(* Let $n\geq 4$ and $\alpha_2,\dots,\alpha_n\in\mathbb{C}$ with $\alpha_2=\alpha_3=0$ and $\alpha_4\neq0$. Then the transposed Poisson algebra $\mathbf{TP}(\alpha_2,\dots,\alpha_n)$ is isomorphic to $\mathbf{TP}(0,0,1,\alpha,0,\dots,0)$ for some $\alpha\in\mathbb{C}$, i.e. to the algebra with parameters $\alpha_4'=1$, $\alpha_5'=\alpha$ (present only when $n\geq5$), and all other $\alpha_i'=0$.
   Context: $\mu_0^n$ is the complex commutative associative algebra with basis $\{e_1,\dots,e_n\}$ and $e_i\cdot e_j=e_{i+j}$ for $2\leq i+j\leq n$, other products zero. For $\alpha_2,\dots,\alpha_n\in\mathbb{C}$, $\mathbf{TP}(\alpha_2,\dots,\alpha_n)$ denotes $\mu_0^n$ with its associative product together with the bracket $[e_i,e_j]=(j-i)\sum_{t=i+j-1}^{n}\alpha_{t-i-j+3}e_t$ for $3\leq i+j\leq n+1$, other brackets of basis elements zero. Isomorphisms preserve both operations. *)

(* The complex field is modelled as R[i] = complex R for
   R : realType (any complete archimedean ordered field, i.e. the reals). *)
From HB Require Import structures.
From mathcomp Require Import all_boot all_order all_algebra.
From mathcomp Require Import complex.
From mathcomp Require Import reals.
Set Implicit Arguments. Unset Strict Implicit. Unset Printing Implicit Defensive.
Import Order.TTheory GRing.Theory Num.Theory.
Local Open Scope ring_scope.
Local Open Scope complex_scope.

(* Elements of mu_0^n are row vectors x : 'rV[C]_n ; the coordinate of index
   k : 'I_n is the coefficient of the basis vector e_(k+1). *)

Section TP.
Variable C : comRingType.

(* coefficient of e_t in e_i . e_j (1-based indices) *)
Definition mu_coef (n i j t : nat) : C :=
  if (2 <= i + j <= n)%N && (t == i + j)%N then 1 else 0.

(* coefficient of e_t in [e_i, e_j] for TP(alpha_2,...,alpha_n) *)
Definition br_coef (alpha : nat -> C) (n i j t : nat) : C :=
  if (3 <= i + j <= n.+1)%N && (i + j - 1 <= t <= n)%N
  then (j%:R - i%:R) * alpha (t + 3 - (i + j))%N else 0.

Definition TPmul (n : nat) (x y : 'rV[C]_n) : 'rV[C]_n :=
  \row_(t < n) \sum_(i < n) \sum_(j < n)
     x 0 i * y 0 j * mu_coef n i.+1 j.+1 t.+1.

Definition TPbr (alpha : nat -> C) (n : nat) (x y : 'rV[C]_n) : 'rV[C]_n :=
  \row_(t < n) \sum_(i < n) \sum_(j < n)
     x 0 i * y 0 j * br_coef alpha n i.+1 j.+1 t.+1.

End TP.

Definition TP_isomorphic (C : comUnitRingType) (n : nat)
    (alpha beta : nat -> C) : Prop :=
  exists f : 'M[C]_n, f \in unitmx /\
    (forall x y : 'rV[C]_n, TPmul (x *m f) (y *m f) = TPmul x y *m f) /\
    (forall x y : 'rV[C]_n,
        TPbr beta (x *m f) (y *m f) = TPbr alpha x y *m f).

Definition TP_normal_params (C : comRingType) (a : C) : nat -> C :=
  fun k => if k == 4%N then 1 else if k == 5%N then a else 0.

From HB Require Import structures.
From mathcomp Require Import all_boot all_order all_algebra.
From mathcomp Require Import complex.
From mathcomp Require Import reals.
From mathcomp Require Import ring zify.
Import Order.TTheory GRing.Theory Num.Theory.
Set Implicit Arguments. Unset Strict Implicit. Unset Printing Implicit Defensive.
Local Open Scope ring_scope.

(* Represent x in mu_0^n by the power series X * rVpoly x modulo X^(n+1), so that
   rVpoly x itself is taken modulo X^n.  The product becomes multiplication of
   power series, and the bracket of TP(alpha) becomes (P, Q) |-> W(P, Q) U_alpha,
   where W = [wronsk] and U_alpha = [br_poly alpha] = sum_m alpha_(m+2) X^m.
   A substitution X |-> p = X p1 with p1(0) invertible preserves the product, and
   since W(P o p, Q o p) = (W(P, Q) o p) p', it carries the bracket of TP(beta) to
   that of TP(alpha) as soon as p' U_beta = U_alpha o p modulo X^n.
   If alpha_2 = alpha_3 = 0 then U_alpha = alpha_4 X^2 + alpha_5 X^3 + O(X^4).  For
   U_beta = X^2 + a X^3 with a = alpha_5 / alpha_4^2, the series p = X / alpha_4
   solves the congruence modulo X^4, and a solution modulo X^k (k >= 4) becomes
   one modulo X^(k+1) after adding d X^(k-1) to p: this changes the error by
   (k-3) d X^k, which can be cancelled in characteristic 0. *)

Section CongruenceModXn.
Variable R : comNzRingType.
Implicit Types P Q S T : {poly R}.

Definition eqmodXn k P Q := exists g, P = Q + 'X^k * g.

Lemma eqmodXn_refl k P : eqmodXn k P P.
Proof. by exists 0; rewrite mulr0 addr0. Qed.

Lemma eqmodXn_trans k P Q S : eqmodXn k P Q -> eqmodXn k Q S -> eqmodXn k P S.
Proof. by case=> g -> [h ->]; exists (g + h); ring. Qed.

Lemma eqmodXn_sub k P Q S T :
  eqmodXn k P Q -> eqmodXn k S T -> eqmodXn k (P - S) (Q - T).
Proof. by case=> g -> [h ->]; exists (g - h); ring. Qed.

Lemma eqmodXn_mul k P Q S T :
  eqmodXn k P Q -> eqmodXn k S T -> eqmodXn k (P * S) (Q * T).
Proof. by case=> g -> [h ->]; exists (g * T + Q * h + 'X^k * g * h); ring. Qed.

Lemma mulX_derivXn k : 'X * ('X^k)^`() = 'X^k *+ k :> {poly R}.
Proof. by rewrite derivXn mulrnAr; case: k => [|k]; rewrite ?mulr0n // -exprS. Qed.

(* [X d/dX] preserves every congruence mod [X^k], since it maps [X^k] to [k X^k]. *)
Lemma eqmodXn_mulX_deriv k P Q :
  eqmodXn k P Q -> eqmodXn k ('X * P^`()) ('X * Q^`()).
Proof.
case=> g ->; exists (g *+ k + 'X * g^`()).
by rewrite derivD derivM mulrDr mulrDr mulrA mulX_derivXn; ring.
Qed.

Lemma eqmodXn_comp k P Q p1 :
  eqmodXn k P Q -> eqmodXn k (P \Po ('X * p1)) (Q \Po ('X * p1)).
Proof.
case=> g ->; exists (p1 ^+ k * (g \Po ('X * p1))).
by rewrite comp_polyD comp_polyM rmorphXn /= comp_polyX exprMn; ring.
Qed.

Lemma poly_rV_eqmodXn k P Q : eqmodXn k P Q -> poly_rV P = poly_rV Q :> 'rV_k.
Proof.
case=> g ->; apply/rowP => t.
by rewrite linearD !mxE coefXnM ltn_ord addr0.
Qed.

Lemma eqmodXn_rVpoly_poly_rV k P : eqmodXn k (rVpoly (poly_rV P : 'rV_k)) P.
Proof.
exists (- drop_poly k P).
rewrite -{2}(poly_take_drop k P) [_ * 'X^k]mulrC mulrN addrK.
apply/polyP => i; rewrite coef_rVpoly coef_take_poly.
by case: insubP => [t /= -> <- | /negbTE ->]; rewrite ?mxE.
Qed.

* * *

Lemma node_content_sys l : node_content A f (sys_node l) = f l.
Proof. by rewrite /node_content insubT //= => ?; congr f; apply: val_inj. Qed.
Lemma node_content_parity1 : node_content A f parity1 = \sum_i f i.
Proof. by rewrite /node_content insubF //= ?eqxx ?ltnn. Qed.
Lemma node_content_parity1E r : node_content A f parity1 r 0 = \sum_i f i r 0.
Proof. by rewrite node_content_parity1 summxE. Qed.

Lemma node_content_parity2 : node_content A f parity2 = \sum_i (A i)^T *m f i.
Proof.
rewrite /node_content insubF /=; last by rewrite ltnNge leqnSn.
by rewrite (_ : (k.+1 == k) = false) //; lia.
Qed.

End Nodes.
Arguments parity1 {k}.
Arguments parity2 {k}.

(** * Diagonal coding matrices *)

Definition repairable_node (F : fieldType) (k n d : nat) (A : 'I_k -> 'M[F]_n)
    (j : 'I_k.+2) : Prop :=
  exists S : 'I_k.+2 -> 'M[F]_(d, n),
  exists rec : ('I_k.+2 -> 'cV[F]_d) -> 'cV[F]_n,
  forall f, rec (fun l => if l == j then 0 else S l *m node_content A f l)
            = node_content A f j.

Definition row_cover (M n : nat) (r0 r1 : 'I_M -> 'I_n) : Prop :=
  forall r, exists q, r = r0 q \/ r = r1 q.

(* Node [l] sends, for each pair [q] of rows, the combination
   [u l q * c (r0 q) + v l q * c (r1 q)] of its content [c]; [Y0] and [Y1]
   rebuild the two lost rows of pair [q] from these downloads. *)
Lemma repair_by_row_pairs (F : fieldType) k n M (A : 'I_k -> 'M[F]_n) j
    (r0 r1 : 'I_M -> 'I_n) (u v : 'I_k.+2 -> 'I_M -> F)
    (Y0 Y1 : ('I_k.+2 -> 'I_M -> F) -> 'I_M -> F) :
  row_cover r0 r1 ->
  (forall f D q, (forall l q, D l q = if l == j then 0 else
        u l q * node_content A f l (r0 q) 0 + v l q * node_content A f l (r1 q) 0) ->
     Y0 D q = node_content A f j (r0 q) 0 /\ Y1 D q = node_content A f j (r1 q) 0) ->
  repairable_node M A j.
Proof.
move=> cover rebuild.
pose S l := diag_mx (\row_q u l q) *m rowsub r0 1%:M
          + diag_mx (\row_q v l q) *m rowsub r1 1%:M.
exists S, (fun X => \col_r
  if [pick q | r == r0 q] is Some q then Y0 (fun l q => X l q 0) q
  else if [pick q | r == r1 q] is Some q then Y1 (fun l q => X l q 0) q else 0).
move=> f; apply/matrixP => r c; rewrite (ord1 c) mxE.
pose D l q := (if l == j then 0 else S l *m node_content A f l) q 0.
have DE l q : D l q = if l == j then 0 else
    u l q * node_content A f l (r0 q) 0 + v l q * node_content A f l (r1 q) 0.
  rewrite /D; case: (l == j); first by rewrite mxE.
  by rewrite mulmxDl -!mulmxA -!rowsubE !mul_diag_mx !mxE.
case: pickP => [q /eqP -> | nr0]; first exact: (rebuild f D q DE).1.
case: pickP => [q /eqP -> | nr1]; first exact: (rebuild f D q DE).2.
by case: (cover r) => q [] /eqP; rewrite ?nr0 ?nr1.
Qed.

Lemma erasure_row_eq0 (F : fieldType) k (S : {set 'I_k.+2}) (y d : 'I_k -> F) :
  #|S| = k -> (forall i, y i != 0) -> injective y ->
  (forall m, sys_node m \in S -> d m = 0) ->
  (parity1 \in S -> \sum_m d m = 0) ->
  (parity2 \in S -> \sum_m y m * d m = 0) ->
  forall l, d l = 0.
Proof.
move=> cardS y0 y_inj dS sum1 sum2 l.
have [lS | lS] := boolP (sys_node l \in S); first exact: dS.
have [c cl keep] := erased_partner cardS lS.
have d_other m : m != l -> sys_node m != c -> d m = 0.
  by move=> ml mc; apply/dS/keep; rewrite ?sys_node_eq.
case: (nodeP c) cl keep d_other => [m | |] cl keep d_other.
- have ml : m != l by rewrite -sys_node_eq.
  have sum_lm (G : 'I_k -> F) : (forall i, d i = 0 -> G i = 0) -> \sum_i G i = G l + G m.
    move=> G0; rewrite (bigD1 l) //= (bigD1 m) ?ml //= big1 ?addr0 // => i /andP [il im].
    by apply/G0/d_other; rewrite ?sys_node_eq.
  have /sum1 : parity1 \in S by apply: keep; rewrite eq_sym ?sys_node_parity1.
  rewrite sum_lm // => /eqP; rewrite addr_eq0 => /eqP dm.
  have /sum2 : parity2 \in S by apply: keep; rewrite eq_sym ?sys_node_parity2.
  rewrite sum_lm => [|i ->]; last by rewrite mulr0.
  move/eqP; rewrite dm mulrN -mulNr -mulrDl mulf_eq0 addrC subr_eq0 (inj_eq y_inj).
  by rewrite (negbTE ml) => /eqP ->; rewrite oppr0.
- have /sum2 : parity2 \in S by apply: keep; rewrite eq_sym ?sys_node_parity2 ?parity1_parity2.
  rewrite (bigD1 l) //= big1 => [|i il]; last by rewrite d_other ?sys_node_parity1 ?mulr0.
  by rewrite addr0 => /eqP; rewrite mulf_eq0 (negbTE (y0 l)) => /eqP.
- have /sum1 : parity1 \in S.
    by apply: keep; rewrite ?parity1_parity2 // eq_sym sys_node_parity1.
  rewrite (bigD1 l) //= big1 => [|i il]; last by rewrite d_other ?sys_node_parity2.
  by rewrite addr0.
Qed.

* * *

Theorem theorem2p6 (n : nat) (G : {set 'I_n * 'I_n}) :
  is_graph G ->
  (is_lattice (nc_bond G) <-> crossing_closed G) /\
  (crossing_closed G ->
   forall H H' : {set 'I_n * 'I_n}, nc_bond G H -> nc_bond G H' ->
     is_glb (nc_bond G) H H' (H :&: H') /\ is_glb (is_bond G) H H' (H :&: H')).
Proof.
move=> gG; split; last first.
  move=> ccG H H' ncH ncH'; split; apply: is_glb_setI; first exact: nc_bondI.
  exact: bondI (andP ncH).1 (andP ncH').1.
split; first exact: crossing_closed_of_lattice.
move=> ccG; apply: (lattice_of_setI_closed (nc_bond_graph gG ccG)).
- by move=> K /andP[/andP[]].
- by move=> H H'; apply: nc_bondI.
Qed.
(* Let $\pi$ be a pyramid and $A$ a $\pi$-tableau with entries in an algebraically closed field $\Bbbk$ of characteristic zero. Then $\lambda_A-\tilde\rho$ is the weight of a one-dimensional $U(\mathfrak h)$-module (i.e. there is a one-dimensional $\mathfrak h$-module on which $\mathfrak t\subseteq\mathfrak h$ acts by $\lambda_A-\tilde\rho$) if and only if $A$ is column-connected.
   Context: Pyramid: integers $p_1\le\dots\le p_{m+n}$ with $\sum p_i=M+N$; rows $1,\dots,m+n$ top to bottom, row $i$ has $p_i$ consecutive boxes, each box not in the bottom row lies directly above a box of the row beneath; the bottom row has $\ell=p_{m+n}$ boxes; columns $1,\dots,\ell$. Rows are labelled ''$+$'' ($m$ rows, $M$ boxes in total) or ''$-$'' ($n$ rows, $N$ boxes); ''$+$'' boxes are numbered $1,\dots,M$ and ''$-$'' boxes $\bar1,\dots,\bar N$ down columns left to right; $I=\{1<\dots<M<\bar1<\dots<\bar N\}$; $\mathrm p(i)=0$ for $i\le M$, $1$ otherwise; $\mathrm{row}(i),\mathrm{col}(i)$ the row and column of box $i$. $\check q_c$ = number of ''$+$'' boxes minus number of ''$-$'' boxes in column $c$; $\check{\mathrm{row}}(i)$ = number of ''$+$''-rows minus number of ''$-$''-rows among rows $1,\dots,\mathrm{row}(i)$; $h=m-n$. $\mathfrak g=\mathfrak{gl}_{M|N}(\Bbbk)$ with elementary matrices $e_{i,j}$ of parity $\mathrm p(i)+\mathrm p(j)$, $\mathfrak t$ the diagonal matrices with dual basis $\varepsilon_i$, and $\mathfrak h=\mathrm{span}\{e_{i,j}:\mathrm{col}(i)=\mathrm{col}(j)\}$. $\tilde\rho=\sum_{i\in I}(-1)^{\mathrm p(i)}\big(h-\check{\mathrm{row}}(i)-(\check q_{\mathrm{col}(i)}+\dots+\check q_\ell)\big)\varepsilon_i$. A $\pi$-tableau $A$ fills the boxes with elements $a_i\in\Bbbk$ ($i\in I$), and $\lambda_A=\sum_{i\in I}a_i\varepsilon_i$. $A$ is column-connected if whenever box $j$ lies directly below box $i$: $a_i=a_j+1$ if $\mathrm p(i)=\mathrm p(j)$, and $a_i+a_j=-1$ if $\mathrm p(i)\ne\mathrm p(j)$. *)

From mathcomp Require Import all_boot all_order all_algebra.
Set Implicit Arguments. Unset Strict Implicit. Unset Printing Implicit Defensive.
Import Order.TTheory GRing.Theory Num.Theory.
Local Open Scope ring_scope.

**Required work**
In the entries above, the lines between the one holding "(Y0 Y1 : ('I_k.+2" and the one holding "pose S l := diag_mx", inclusive, are to be printed exactly as written, and those alone.

**Solution for this task**
    (Y0 Y1 : ('I_k.+2 -> 'I_M -> F) -> 'I_M -> F) :
  row_cover r0 r1 ->
  (forall f D q, (forall l q, D l q = if l == j then 0 else
        u l q * node_content A f l (r0 q) 0 + v l q * node_content A f l (r1 q) 0) ->
     Y0 D q = node_content A f j (r0 q) 0 /\ Y1 D q = node_content A f j (r1 q) 0) ->
  repairable_node M A j.
Proof.
move=> cover rebuild.
pose S l := diag_mx (\row_q u l q) *m rowsub r0 1%:M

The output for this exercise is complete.